## GIVEN RECORDS
(* Let $N\ge2$ and let $U(\omega)$, $\omega\in\mathbb{R}$, be a smooth function with values in the $N\times N$ unitary matrices. Then there exist $K\le N(N-1)/2$ pairs of indices $(m_k,n_k)$, $1\le m_k<n_k\le N$, and matrix-valued functions $T_{m_kn_k}(\omega)$, $k=1,\dots,K$, each of which is, for every $\omega$, an $N\times N$ two-level unitary acting on modes $m_k,n_k$, such that $$U(\omega)=\prod_{k=1}^{K}T_{m_kn_k}(\omega)\qquad\text{for all }\omega\in\mathbb{R}.$$
   Context: An $N\times N$ two-level unitary acting on modes $m<n$ is a unitary matrix that coincides with the identity except in the rows and columns $m,n$, where its $2\times2$ submatrix (rows/columns $m,n$) has the form $\begin{pmatrix}\mathrm{e}^{\mathrm{i}\phi}a & -b\\ \mathrm{e}^{\mathrm{i}\phi}b^* & a^*\end{pmatrix}$ with $a,b\in\mathbb{C}$, $|a|^2+|b|^2=1$, $\phi\in\mathbb{R}$ (all allowed to depend on $\omega$). ${}^*$ is complex conjugation. *)

From HB Require Import structures.
From mathcomp Require Import all_boot all_order all_algebra.
From mathcomp Require Import all_classical all_reals all_analysis.
From mathcomp Require Import complex.
Set Implicit Arguments. Unset Strict Implicit. Unset Printing Implicit Defensive.
Import Order.TTheory GRing.Theory Num.Theory.
Local Open Scope ring_scope.

Definition smooth_fun (R : realType) (f : R -> R) : Prop :=
  forall (k : nat) (x : R), derivable (derive1n k f) x 1.

Definition adjmx (R : realType) (N : nat) (A : 'M[R[i]]_N) : 'M[R[i]]_N :=
  (map_mx (@conjc R) A)^T.

Definition unitary_mx (R : realType) (N : nat) (A : 'M[R[i]]_N) : Prop :=
  A *m adjmx A = 1%:M.

Definition smooth_mx_fun (R : realType) (N : nat) (U : R -> 'M[R[i]]_N) : Prop :=
  forall i j : 'I_N, smooth_fun (fun w => @complex.Re R (U w i j)) /\
                     smooth_fun (fun w => @complex.Im R (U w i j)).

Definition expi (R : realType) (phi : R) : R[i] := Complex (cos phi) (sin phi).

Definition two_level_unitary (R : realType) (N : nat) (m n : 'I_N)
    (T : 'M[R[i]]_N) : Prop :=
  unitary_mx T /\
  (forall i j : 'I_N, ~~ ((i \in [:: m; n]) && (j \in [:: m; n])) ->
      T i j = (i == j)%:R) /\
  exists (a b : R[i]) (phi : R),
    `|a| ^+ 2 + `|b| ^+ 2 = 1 /\
    T m m = expi phi * a /\ T m n = - b /\
    T n m = expi phi * conjc b /\ T n n = conjc a.

From HB Require Import structures.
From mathcomp Require Import all_boot all_order all_algebra.
From mathcomp Require Import all_classical all_reals all_analysis.
From mathcomp Require Import complex.
From mathcomp Require Import ring lra.
Import Order.TTheory GRing.Theory Num.Theory.
Set Implicit Arguments.
Unset Strict Implicit.
Unset Printing Implicit Defensive.
Local Open Scope ring_scope.

(* Reck-Zeilinger elimination, pointwise in [w].  If the columns of a unitary
   [M] outside the modes [k :: ks] are standard basis vectors, its column [k]
   is a unit vector supported on [k :: ks]; Givens rotations on the pairs
   (k, t), t in ks, assemble a product [G] of two-level unitaries with that
   same column, and [G^* M] is standard outside [ks].  When only two modes
   are left, the remaining unitary is itself a two-level unitary, its global
   phase being absorbed by [expi phi].  Running this over all modes uses the
   N(N-1)/2 pairs m < n in a fixed order independent of [w], so the factors
   can be chosen pointwise. *)

Section OrderedPairs.
Variable T : Type.

Fixpoint ordered_pairs (s : seq T) : seq (T * T) :=
  if s is x :: s' then [seq (x, y) | y <- s'] ++ ordered_pairs s' else [::].

Lemma size_ordered_pairs s : size (ordered_pairs s) = 'C(size s, 2).
Proof. by elim: s => //= x s IH; rewrite size_cat size_map IH binS bin1 addnC. Qed.

Lemma ordered_pairs_rel (r : rel T) s : transitive r -> sorted r s ->
  all (fun p => r p.1 p.2) (ordered_pairs s).
Proof.
move=> r_tr; elim: s => //= x s IH x_s.
rewrite all_cat all_map (order_path_min r_tr x_s) IH //.
exact: path_sorted x_s.
Qed.

End OrderedPairs.

Section Scalars.
Variable R : realType.
Local Notation C := R[i].

Lemma expi_of_unit (e : C) : e * conjc e = 1 -> exists phi : R, expi phi = e.
Proof.
case: e => x y /= [] h _.
have x2y2 : x ^+ 2 + y ^+ 2 = 1 by rewrite -h; ring.
have x_itv : -1 <= x <= 1 by apply/andP; split; nra.
have cos_x : cos (acos x) = x by rewrite acosK // in_itv.
have sin_x : sin (acos x) = `|y|.
  by rewrite sin_acos // -sqrtr_sqr; congr Num.sqrt; lra.
have [y_ge0|y_lt0] := lerP 0 y.
  by exists (acos x); rewrite /expi cos_x sin_x ger0_norm.
by exists (- acos x); rewrite /expi cosN sinN cos_x sin_x ltr0_norm // opprK.
Qed.

Lemma unitary2_form (al be ga de : C) :
  al * conjc al + be * conjc be = 1 -> ga * conjc al + de * conjc be = 0 ->
  ga * conjc ga + de * conjc de = 1 ->
  exists (a b : C) (phi : R), [/\ `|a| ^+ 2 + `|b| ^+ 2 = 1,
    al = expi phi * a, be = - b, ga = expi phi * conjc b & de = conjc a].
Proof.
move=> row_m orth row_n; set e := al * de - be * ga.
(* Orthonormality of the rows forces the second row to be the determinant
   [e] times the cofactors of the first. *)
have de_e : de = e * conjc al.
  apply/esym/eqP; rewrite -subr_eq0; apply/eqP.
  transitivity (de * (al * conjc al + be * conjc be - 1) - be * (ga * conjc al + de * conjc be)).
    by rewrite /e; ring.
  by rewrite row_m orth subrr !mulr0 subr0.
have ga_e : ga = - (e * conjc be).
  apply/esym/eqP; rewrite -subr_eq0; apply/eqP.
  transitivity (ga * (al * conjc al + be * conjc be - 1) - al * (ga * conjc al + de * conjc be)).
    by rewrite /e; ring.
  by rewrite row_m orth subrr !mulr0 subr0.
have e_unit : e * conjc e = 1.
  rewrite -row_n ga_e de_e !rmorphN !rmorphM /= !conjcK -[e * _]mulr1 -row_m.
  ring.
have [phi phi_e] := expi_of_unit e_unit.
exists (al * conjc e), (- be), phi; rewrite phi_e !sqr_normc !rmorphN !rmorphM /= conjcK.
split.
- rewrite -row_m.
  transitivity (al * conjc al * (e * conjc e) + be * conjc be); first by ring.
  by rewrite e_unit mulr1.
- by rewrite mulrCA e_unit mulr1.
- by rewrite opprK.
- by rewrite ga_e; ring.
- by rewrite de_e mulrC.
Qed.

Lemma givens_coeffs (a b : C) : exists c s r : C,
  [/\ conjc r = r, r * r = a * conjc a + b * conjc b, c * r = a, s * r = b
    & c * conjc c + s * conjc s = 1].
Proof.
set n2 := a * conjc a + b * conjc b.
have n2_ge0 : 0 <= n2 by rewrite addr_ge0 ?mulcJ_ge0.
have r_real : conjc (sqrtC n2) = sqrtC n2 by apply: geC0_conj; rewrite sqrtC_ge0.
have r2 : sqrtC n2 * sqrtC n2 = n2 by rewrite -expr2 sqrtCK.
have [r0|r_neq0] := eqVneq (sqrtC n2) 0.
  move/eqP: r0; rewrite sqrtC_eq0 paddr_eq0 ?mulcJ_ge0 // !mulf_eq0 !conjc_eq0 !orbb.
  case/andP => /eqP a0 /eqP b0; exists 1, 0, 0; rewrite /n2 a0 b0.
  by split; rewrite ?conjc0 ?mulr0 ?mul0r ?addr0 ?conjc1 ?mulr1.
exists (a / sqrtC n2), (b / sqrtC n2), (sqrtC n2); split; rewrite ?divfK //.
rewrite !rmorphM /= conjc_inv r_real.
transitivity (n2 / (sqrtC n2 * sqrtC n2)); first by rewrite /n2; field.
by rewrite r2 divff // -r2 mulf_neq0.
Qed.

End Scalars.

Section Matrices.
Variables (R : realType) (N : nat).
Local Notation C := R[i].
Local Notation "''M'" := 'M[C]_N (at level 0).

Definition identity_off (ks : seq 'I_N) (A : 'M) : Prop :=
  forall i j, ~~ ((i \in ks) && (j \in ks)) -> A i j = (i == j)%:R.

## TASK REQUIREMENTS
Could you set down, word for word, only the lines above from the line with "is a unit vector" to the line with "N(N-1)/2 pairs m", including both?

## SOLVED PROBLEM
   is a unit vector supported on [k :: ks]; Givens rotations on the pairs
   (k, t), t in ks, assemble a product [G] of two-level unitaries with that
   same column, and [G^* M] is standard outside [ks].  When only two modes
   are left, the remaining unitary is itself a two-level unitary, its global
   phase being absorbed by [expi phi].  Running this over all modes uses the
   N(N-1)/2 pairs m < n in a fixed order independent of [w], so the factors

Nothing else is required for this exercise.